[Opening MATERIAL PROVIDED section]
(* Let $X$ be a Calabi–Yau 4-fold, $\beta\in H_2(X,\mathbb{Z})$ and $\alpha\in H^2(X)$ with $\alpha\cdot\beta=0$. Then the identity \[ n_{0,\beta}(\alpha^2)=\frac{1}{2}\sum_{\substack{\beta_1+\beta_2=\beta\\ \beta_1,\beta_2>0}}(\alpha\cdot\beta_1)(\alpha\cdot\beta_2)\,m_{\beta_1,\beta_2} \] is equivalent to the identity \[ n_{0,\beta}(\alpha^2)=\frac{1}{2}\sum_{\substack{k_1,k_2\in\mathbb{Z}_{>0}\\ \gcd(k_1,k_2)=1}}\ \sum_{\substack{\beta_1+\beta_2=\beta\\ k_1\mid\beta_1,\ k_2\mid\beta_2}}\ \sum_{a,b}\frac{(\alpha\cdot\beta_1)(\alpha\cdot\beta_2)}{k_1^2k_2^2}\,n_{0,\beta_1/k_1}(S_a)\,g^{ab}\,n_{0,\beta_2/k_2}(S_b), \] where $\{S_a\}$ is a basis of the free part of $H^4(X,\mathbb{Z})$.
   Context: A Calabi–Yau 4-fold is a smooth complex projective 4-fold with $K_X\cong\mathcal{O}_X$. Fix an ample class; $\beta>0$ means nonzero of positive degree; sums over $\beta_1+\beta_2=\beta$ run over $\beta_1,\beta_2>0$, and $k\mid\beta_i$ means $\beta_i/k\in H_2(X,\mathbb{Z})$. $\mathrm{GW}_{0,\beta}(\gamma)=\int_{[\overline{M}_{0,1}(X,\beta)]^{\mathrm{vir}}}\mathrm{ev}^*\gamma$ for $\gamma\in H^4(X)$, and $n_{0,\beta}(\gamma)$ is defined by $\sum_{\beta>0}\mathrm{GW}_{0,\beta}(\gamma)q^\beta=\sum_{\beta>0}n_{0,\beta}(\gamma)\sum_{d\ge1}d^{-2}q^{d\beta}$ (extended linearly in $\gamma$). $\sum_{a,b}g^{ab}S_a\otimes S_b$ is the Künneth decomposition of the $(4,4)$-component of the diagonal class mod torsion, i.e. $(g^{ab})$ is the inverse of $(g_{ab})=(\int_XS_aS_b)$. The meeting invariants $m_{\beta_1,\beta_2}$ are determined by: symmetry; $m_{\beta_1,\beta_2}=0$ if $\deg\beta_1\le0$ or $\deg\beta_2\le0$; for $\beta_1\ne\beta_2$, $m_{\beta_1,\beta_2}=\sum n_{0,\beta_1}(S_a)g^{ab}n_{0,\beta_2}(S_b)+m_{\beta_1,\beta_2-\beta_1}+m_{\beta_1-\beta_2,\beta_2}$; $m_{\beta,\beta}=n_{0,\beta}(c_2(X))+\sum n_{0,\beta}(S_a)g^{ab}n_{0,\beta}(S_b)-\sum_{\beta_1+\beta_2=\beta}m_{\beta_1,\beta_2}$. *)

From HB Require Import structures.
From mathcomp Require Import all_boot all_order all_algebra.
From mathcomp Require Import boolp classical_sets functions cardinality fsbigop.
Set Implicit Arguments. Unset Strict Implicit. Unset Printing Implicit Defensive.
Import Order.TTheory GRing.Theory Num.Theory.
Local Open Scope ring_scope.

(* Abstract cohomological data of a Calabi--Yau 4-fold X.
   - H_2(X,Z) (mod torsion) = 'rV[int]_r  (coordinates in a Z-basis);
   - H^2(X) = 'rV[F]_r in the dual basis, so alpha.beta = sum_i alpha_i beta_i;
   - the free part of H^4(X,Z) has basis S_0..S_{p-1}; H^4(X) = 'rV[F]_p;
   - omega : 'rV[int]_r is the fixed (integral) ample class.               *)

Definition H2 (r : nat) := 'rV[int]_r.

Definition deg (r : nat) (omega : 'rV[int]_r) (b : 'rV[int]_r) : int :=
  \sum_(i < r) omega ord0 i * b ord0 i.

Definition cpos (r : nat) (omega : 'rV[int]_r) (b : 'rV[int]_r) : Prop :=
  b != 0 /\ (0 < deg omega b)%R.

Definition pairing (F : numFieldType) (r : nat) (alpha : 'rV[F]_r)
  (b : 'rV[int]_r) : F := \sum_(i < r) alpha ord0 i * (b ord0 i)%:~R.

(* alpha^2 in H^4(X), given the cup products cup i j = e_i . e_j in H^4(X) *)
Definition sq_class (F : numFieldType) (r p : nat)
  (cup : 'I_r -> 'I_r -> 'rV[F]_p) (alpha : 'rV[F]_r) : 'rV[F]_p :=
  \sum_(i < r) \sum_(j < r) (alpha ord0 i * alpha ord0 j) *: cup i j.

Definition dvdv (r : nat) (k : nat) (b : 'rV[int]_r) : Prop :=
  forall i, (k%:Z %| b ord0 i)%Z.

Definition divv (r : nat) (k : nat) (b : 'rV[int]_r) : 'rV[int]_r :=
  map_mx (fun z : int => (z %/ k%:Z)%Z) b.

(* extension by linearity: value of a family (x a = x(S_a)) on a class gamma *)
Definition linH4 (F : numFieldType) (p : nat) (x : 'I_p -> F) (g : 'rV[F]_p) : F :=
  \sum_(a < p) g ord0 a * x a.

(* (g^{ab}) = inverse of the intersection matrix (g_{ab}) = (int S_a S_b) *)
Definition ginv (F : numFieldType) (p : nat) (G : 'M[int]_p) : 'M[F]_p :=
  invmx (map_mx (fun z : int => z%:~R) G).

Definition gpair (F : numFieldType) (p : nat) (G : 'M[int]_p)
  (x y : 'I_p -> F) : F :=
  \sum_(a < p) \sum_(b < p) x a * ginv F G a b * y b.

(* Write a splitting (b1, b2) of a curve class as (g1, g2) M, that is
   b1 = a g1 + c g2 and b2 = b g1 + d g2, with g1, g2 of positive degree and
   M = (a b; c d) of determinant 1 with entries in N.  Every such M other than
   the identity is uniquely M' (1 1; 0 1) or M' (1 0; 1 1), which is the shape of
   the recursion defining the meeting invariants; unfolding it gives
   m_{b1,b2} = sum over all such (M, g) of <n_{g1}, n_{g2}> when b1 and b2 are
   not collinear, while collinear splittings of beta do not contribute because
   alpha.beta = 0 forces alpha.b1 = 0.  Conversely M is determined by its row
   sums (k1, k2), which run exactly over the coprime pairs, and the classes of
   the second formula are k1 g1 and k2 g2.  Since k1 alpha.g1 + k2 alpha.g2 = 0,
   the weight (alpha.(k1 g1)) (alpha.(k2 g2)) / (k1 k2)^2 equals
   (alpha.b1) (alpha.b2), so both sides are the same sum over pairs (M, g).
   Gromov compactness, transported to n by the multiple cover formula, makes
   every sum finite. *)

From HB Require Import structures.
From mathcomp Require Import all_boot all_order all_algebra.
From mathcomp Require Import boolp classical_sets functions cardinality fsbigop.
From mathcomp Require Import zify ring.
Import Order.TTheory GRing.Theory Num.Theory.
Set Implicit Arguments. Unset Strict Implicit. Unset Printing Implicit Defensive.
Local Open Scope classical_set_scope.
Local Open Scope ring_scope.

Section CurveClasses.
Variable r : nat.
Implicit Types (b c x y : 'rV[int]_r) (k : nat).

Lemma deg_is_zmod_morphism (omega : 'rV[int]_r) : zmod_morphism (deg omega).
Proof. by move=> x y; rewrite /deg -sumrB; apply: eq_bigr => i _; rewrite !mxE mulrBr. Qed.

HB.instance Definition _ omega :=
  GRing.isZmodMorphism.Build _ _ (deg omega) (deg_is_zmod_morphism omega).

Lemma pairing_is_zmod_morphism (F : numFieldType) (alpha : 'rV[F]_r) :
  zmod_morphism (pairing alpha).
Proof.
by move=> x y; rewrite /pairing -sumrB; apply: eq_bigr => i _; rewrite !mxE intrB mulrBr.
Qed.

HB.instance Definition _ F alpha :=
  GRing.isZmodMorphism.Build _ _ (@pairing F r alpha) (pairing_is_zmod_morphism alpha).

Lemma degD omega x y : deg omega (x + y) = deg omega x + deg omega y.
Proof. exact: raddfD. Qed.

Lemma degMn omega b k : deg omega (b *+ k) = deg omega b *+ k.
Proof. exact: raddfMn. Qed.

Lemma degB omega x y : deg omega (x - y) = deg omega x - deg omega y.
Proof. exact: raddfB. Qed.

Lemma pairingD (F : numFieldType) (alpha : 'rV[F]_r) x y :
  pairing alpha (x + y) = pairing alpha x + pairing alpha y.
Proof. exact: raddfD. Qed.

Lemma pairingMn (F : numFieldType) (alpha : 'rV[F]_r) x k :
  pairing alpha (x *+ k) = pairing alpha x *+ k.
Proof. exact: raddfMn. Qed.

Lemma cposE omega b : cpos omega b <-> 0 < deg omega b.
Proof.
split=> [[] //| deg_gt0]; split=> //; apply: contraTneq deg_gt0 => ->.
by rewrite raddf0.
Qed.

Lemma intz_mulrn (z : int) k : z *+ k = z * k%:Z.
Proof. by rewrite -natz mulr_natr. Qed.

Lemma divv_mulrn k c : (0 < k)%N -> divv k (c *+ k) = c.
Proof.
move=> k_gt0; apply/rowP => i; rewrite !mxE mulmxnE intz_mulrn mulzK //.
by rewrite eqz_nat -lt0n.
Qed.

Lemma divvK k b : dvdv k b -> divv k b *+ k = b.
Proof. by move=> kb; apply/rowP => i; rewrite mulmxnE mxE intz_mulrn divzK. Qed.

Lemma dvdv_mulrn k c : dvdv k (c *+ k).
Proof. by move=> i; rewrite mulmxnE intz_mulrn dvdz_mull. Qed.

Lemma vec_mulrnI k x y : (0 < k)%N -> x *+ k = y *+ k -> x = y.
Proof. by move=> k_gt0 e; rewrite -(divv_mulrn x k_gt0) e divv_mulrn. Qed.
[Closing MATERIAL PROVIDED section]
Only the lines above starting with the one with "- omega : 'rV[int]_r" and going through the one with "Definition divv (r" are to be copied, word for word and with both ends kept.

   - omega : 'rV[int]_r is the fixed (integral) ample class.               *)

Definition H2 (r : nat) := 'rV[int]_r.

Definition deg (r : nat) (omega : 'rV[int]_r) (b : 'rV[int]_r) : int :=
  \sum_(i < r) omega ord0 i * b ord0 i.

Definition cpos (r : nat) (omega : 'rV[int]_r) (b : 'rV[int]_r) : Prop :=
  b != 0 /\ (0 < deg omega b)%R.

Definition pairing (F : numFieldType) (r : nat) (alpha : 'rV[F]_r)
  (b : 'rV[int]_r) : F := \sum_(i < r) alpha ord0 i * (b ord0 i)%:~R.

(* alpha^2 in H^4(X), given the cup products cup i j = e_i . e_j in H^4(X) *)
Definition sq_class (F : numFieldType) (r p : nat)
  (cup : 'I_r -> 'I_r -> 'rV[F]_p) (alpha : 'rV[F]_r) : 'rV[F]_p :=
  \sum_(i < r) \sum_(j < r) (alpha ord0 i * alpha ord0 j) *: cup i j.

Definition dvdv (r : nat) (k : nat) (b : 'rV[int]_r) : Prop :=
  forall i, (k%:Z %| b ord0 i)%Z.

Definition divv (r : nat) (k : nat) (b : 'rV[int]_r) : 'rV[int]_r :=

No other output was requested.